They obviously have some kind of loudhailer themselves because I hear a girl’s voice go, “LEAVE THIS CAMPUS IMMEDIATELY! YOU HAVE NOT BEEN INVITED TO SPEAK HERE TODAY!”

Instead of winding down the window, the old man decides to talk to her through the speakers on top of the van.

He’s like, “I DON’T NEED YOUR PERMISSION OR THE PERMISSION OF ANY OF YOUR BLOODY WELL SNOWFLAKE FRIENDS TO SPEAK! YOUR FEELINGS ARE NOT THE MOST IMPORTANT THING IN THE WORLD – EVEN IF YOU THINK THEY ARE!”

The girl goes, “WE WILL NOT ALLOW FASCISTS TO DISSEMINATE THEIR POISONOUS VIEWS ON THIS CAMPUS!”

"YOU'RE CALLING ME A FASCIST? OH, THAT'S RICH! THE DENIAL OF FREE SPEECH IS A CENTRAL TENET OF FASCISM, I WOULD HAVE SAID – EH, ROSS?"

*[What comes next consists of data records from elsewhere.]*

(* Let $r$ be a positive integer and let $(P,\mathcal{L})$ be an intersecting linear system of rank $r$ satisfying $\tau(P,\mathcal{L})=\nu_2(P,\mathcal{L})=r$. Then $(P,\mathcal{L})$ is $r$-uniform, i.e., every line has exactly $r$ points.
   Context: A linear system is a pair $(P,\mathcal{L})$ with $P$ a finite set of points and $\mathcal{L}$ a family of subsets of $P$ (lines) such that any two distinct lines share at most one point; it is intersecting if any two distinct lines share exactly one point. The rank is the maximum cardinality of a line. A transversal is a set of points meeting every line; $\tau$ is the minimum size of a transversal. A 2-packing is a set of lines no three of which share a common point; $\nu_2$ is its maximum size. *)

From mathcomp Require Import all_boot.
Set Implicit Arguments. Unset Strict Implicit. Unset Printing Implicit Defensive.

(* A linear system: points = finite type T, lines = a family L of subsets of T. *)
Definition linear_system (T : finType) (L : {set {set T}}) : Prop :=
  forall l1 l2, l1 \in L -> l2 \in L -> l1 != l2 -> #|l1 :&: l2| <= 1.

Definition intersecting (T : finType) (L : {set {set T}}) : Prop :=
  forall l1 l2, l1 \in L -> l2 \in L -> l1 != l2 -> #|l1 :&: l2| = 1.

Definition has_rank (T : finType) (L : {set {set T}}) (r : nat) : Prop :=
  (exists2 l, l \in L & #|l| = r) /\ (forall l, l \in L -> #|l| <= r).

Definition transversal (T : finType) (L : {set {set T}}) (S : {set T}) : Prop :=
  forall l, l \in L -> exists2 x, x \in S & x \in l.

Definition tau_eq (T : finType) (L : {set {set T}}) (k : nat) : Prop :=
  (exists2 S, transversal L S & #|S| = k) /\
  (forall S, transversal L S -> k <= #|S|).

Definition two_packing (T : finType) (L : {set {set T}}) (Q : {set {set T}}) : Prop :=
  Q \subset L /\
  forall l1 l2 l3, l1 \in Q -> l2 \in Q -> l3 \in Q ->
    l1 != l2 -> l1 != l3 -> l2 != l3 -> l1 :&: l2 :&: l3 = set0.

Definition nu2_eq (T : finType) (L : {set {set T}}) (k : nat) : Prop :=
  (exists2 Q, two_packing L Q & #|Q| = k) /\
  (forall Q, two_packing L Q -> #|Q| <= k).

(* In an intersecting system every line meets all the others, so each line is
   itself a transversal; hence r = tau <= |l| <= r for every line l. Only the
   upper bound on line sizes and the value of tau are used. *)

From Pilot Require Import Defs.
From mathcomp Require Import all_boot.

Set Implicit Arguments.

Section IntersectingSystem.

Variables (T : finType) (L : {set {set T}}).

Lemma transversal_line_nonempty (S l : {set T}) :
  Defs.transversal L S -> l \in L -> l != set0.
Proof. by move=> tS Ll; apply/set0Pn; have [x _ xl] := tS l Ll; exists x. Qed.

Lemma intersecting_line_transversal (l : {set T}) :
  intersecting L -> l \in L -> l != set0 -> Defs.transversal L l.
Proof.
move=> intL Ll /set0Pn[x0 x0l] l' Ll'.
have [->|l'l] := eqVneq l' l; first by exists x0.
have /eqP/cards1P[x lIl'] := intL l' l Ll' Ll l'l.
have : x \in l' :&: l by rewrite lIl' set11.
by rewrite inE => /andP[xl' xl]; exists x.
Qed.

End IntersectingSystem.

Theorem lemma4p1 (T : finType) (L : {set {set T}}) (r : nat) :
  0 < r ->
  linear_system L -> intersecting L -> has_rank L r ->
  tau_eq L r -> nu2_eq L r ->
  forall l, l \in L -> #|l| = r.
Proof.
move=> _ _ intL [_ rank_le] [[S tS _] tau_le] _ l Ll.
have tl : Defs.transversal L l.
  exact: intersecting_line_transversal intL Ll (transversal_line_nonempty tS Ll).
by apply/eqP; rewrite eqn_leq rank_le // tau_le.
Qed.
(* Acyclicity: two distinct neighbours of z are disconnected once z is removed. *)
Lemma no_bypass z u v : adj z u -> adj z v -> u != v -> ~ connect (avoiding z) u v.
Proof.
case: tree => _ [_ [_ acyclic]] zu zv uv /connectP [p up vl].
move: vl; case: (shortenP up) => p' up' p'u _ vl {up}.
case: p' up' p'u vl => [|h p'] up' p'u vl; first by rewrite vl /= eqxx in uv.
have uz : u != z by case/andP: up' => /andP[/andP[_ ->]].
have p'z : all (fun x => x != z) (h :: p').
  by apply: path_all_targets up' => ? ? /andP[_ ->].
have := acyclic [:: z, u, h & p'] _ isT; rewrite /cycle rcons_cons /= zu rcons_path.
have -> : path adj h p'.
  by case/andP: up' => _; apply: sub_path => ? ? /andP[/andP[]].
have uh : adj u h by case/andP: up' => /andP[/andP[]].
rewrite /= in vl; rewrite -vl (adj_sym v z) zv uh /= => acyc; suff : false by []; apply: acyc.
move: p'u => /= ->; rewrite andbT in_cons negb_or eq_sym uz /=.
by apply/negP => /(allP p'z); rewrite eqxx.
Qed.

(* The interior vertices of a tree induce a connected subgraph: the walk
   between two interior vertices has no leaf on it. *)
Lemma inner_connected u v :
  u \notin leaves adj -> v \notin leaves adj -> connect inner u v.
Proof.
move=> ui vi; have [t w] := simple_walk_exists tree u v.
case/and3P: (w) => wp /eqP vl _.
have ti : all (fun x => x \notin leaves adj) (u :: t).
  apply/allP => x; rewrite in_cons => /orP[/eqP->//|xt].
  by case: (eqVneq x v) => [->//|xv]; exact: (walk_inner_not_leaf adj_sym w xt xv).
by apply/connectP; exists t; first exact: (path_restrict wp ti).
Qed.

Lemma inner_nb_exists z v :
  z \notin leaves adj -> v \notin leaves adj -> z != v -> exists u, inner z u.
Proof.
move=> zi vi zv; case/connectP: (inner_connected zi vi) => [[|u p]] /=.
  by move=> _ E; rewrite E eqxx in zv.
by case/andP => zu _ _; exists u.
Qed.

Lemma inner_path_avoiding x0 q z :
  path inner x0 q -> z \notin x0 :: q -> {subset x0 :: q <= connect (avoiding z) x0}.
Proof.
move=> xq zq.
have qz : all (fun v => v != z) (x0 :: q) by apply/allP => v vq; apply: contraNneq zq => <-.
apply: path_connect; apply: sub_path (path_restrict xq qz) => u v /=.
by rewrite /avoiding /= => /andP[/andP[/andP[/andP[-> _] _] ->] ->].
Qed.

Lemma inner_path_avoiding_last x0 q :
  path inner x0 q -> uniq (x0 :: q) -> forall x, x \in x0 :: q -> x != last x0 q ->
  connect (avoiding (last x0 q)) x0 x.
Proof.
case/lastP: q => [|q y]; first by move=> _ _ x; rewrite inE => /eqP-> /=; rewrite eqxx.
rewrite rcons_path last_rcons -rcons_cons rcons_uniq => /andP[xq _] /andP[yq _] x.
rewrite mem_rcons in_cons => /orP[/eqP->|xq']; first by rewrite eqxx.
by move=> _; exact: (inner_path_avoiding xq yq xq').
Qed.

Lemma single_inner_nb z r (S : pred V) :
  (forall x, inner z x -> S x) -> (forall x, S x -> connect (avoiding z) r x) ->
  forall u v, inner z u -> inner z v -> u = v.
Proof.
move=> nbS Sr u v zu zv; apply/eqP; apply: contraT => uv.
have ur := Sr u (nbS u zu); rewrite (sym_connect_sym (avoiding_sym z)) in ur.
have adj_zu : adj z u by case/andP: zu => /andP[].
have adj_zv : adj z v by case/andP: zv => /andP[].
by case: (no_bypass adj_zu adj_zv uv (connect_trans ur (Sr v (nbS v zv)))).
Qed.

Lemma last_inner x0 q :
  path inner x0 q -> x0 \notin leaves adj -> last x0 q \notin leaves adj.
Proof. by elim: q x0 => [|y q IH] x0 //= /andP[/andP[/andP[_ _] yi] yq] _; exact: IH. Qed.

I decide to just stay out of it, though.

The girl goes, “YOU ARE THE LEADER OF A POLITICAL PARTY ESPOUSING RIGHT-WING VIEWS THAT ARE MISOGYNISTIC AS WELL AS RACIST!”

“IT’S NOT RACIST TO SAY THAT CAVAN PEOPLE ARE CAUTIOUS WITH THEIR MONEY AND THAT LEITRIM PEOPLE DON’T LIKE OUTSIDERS!”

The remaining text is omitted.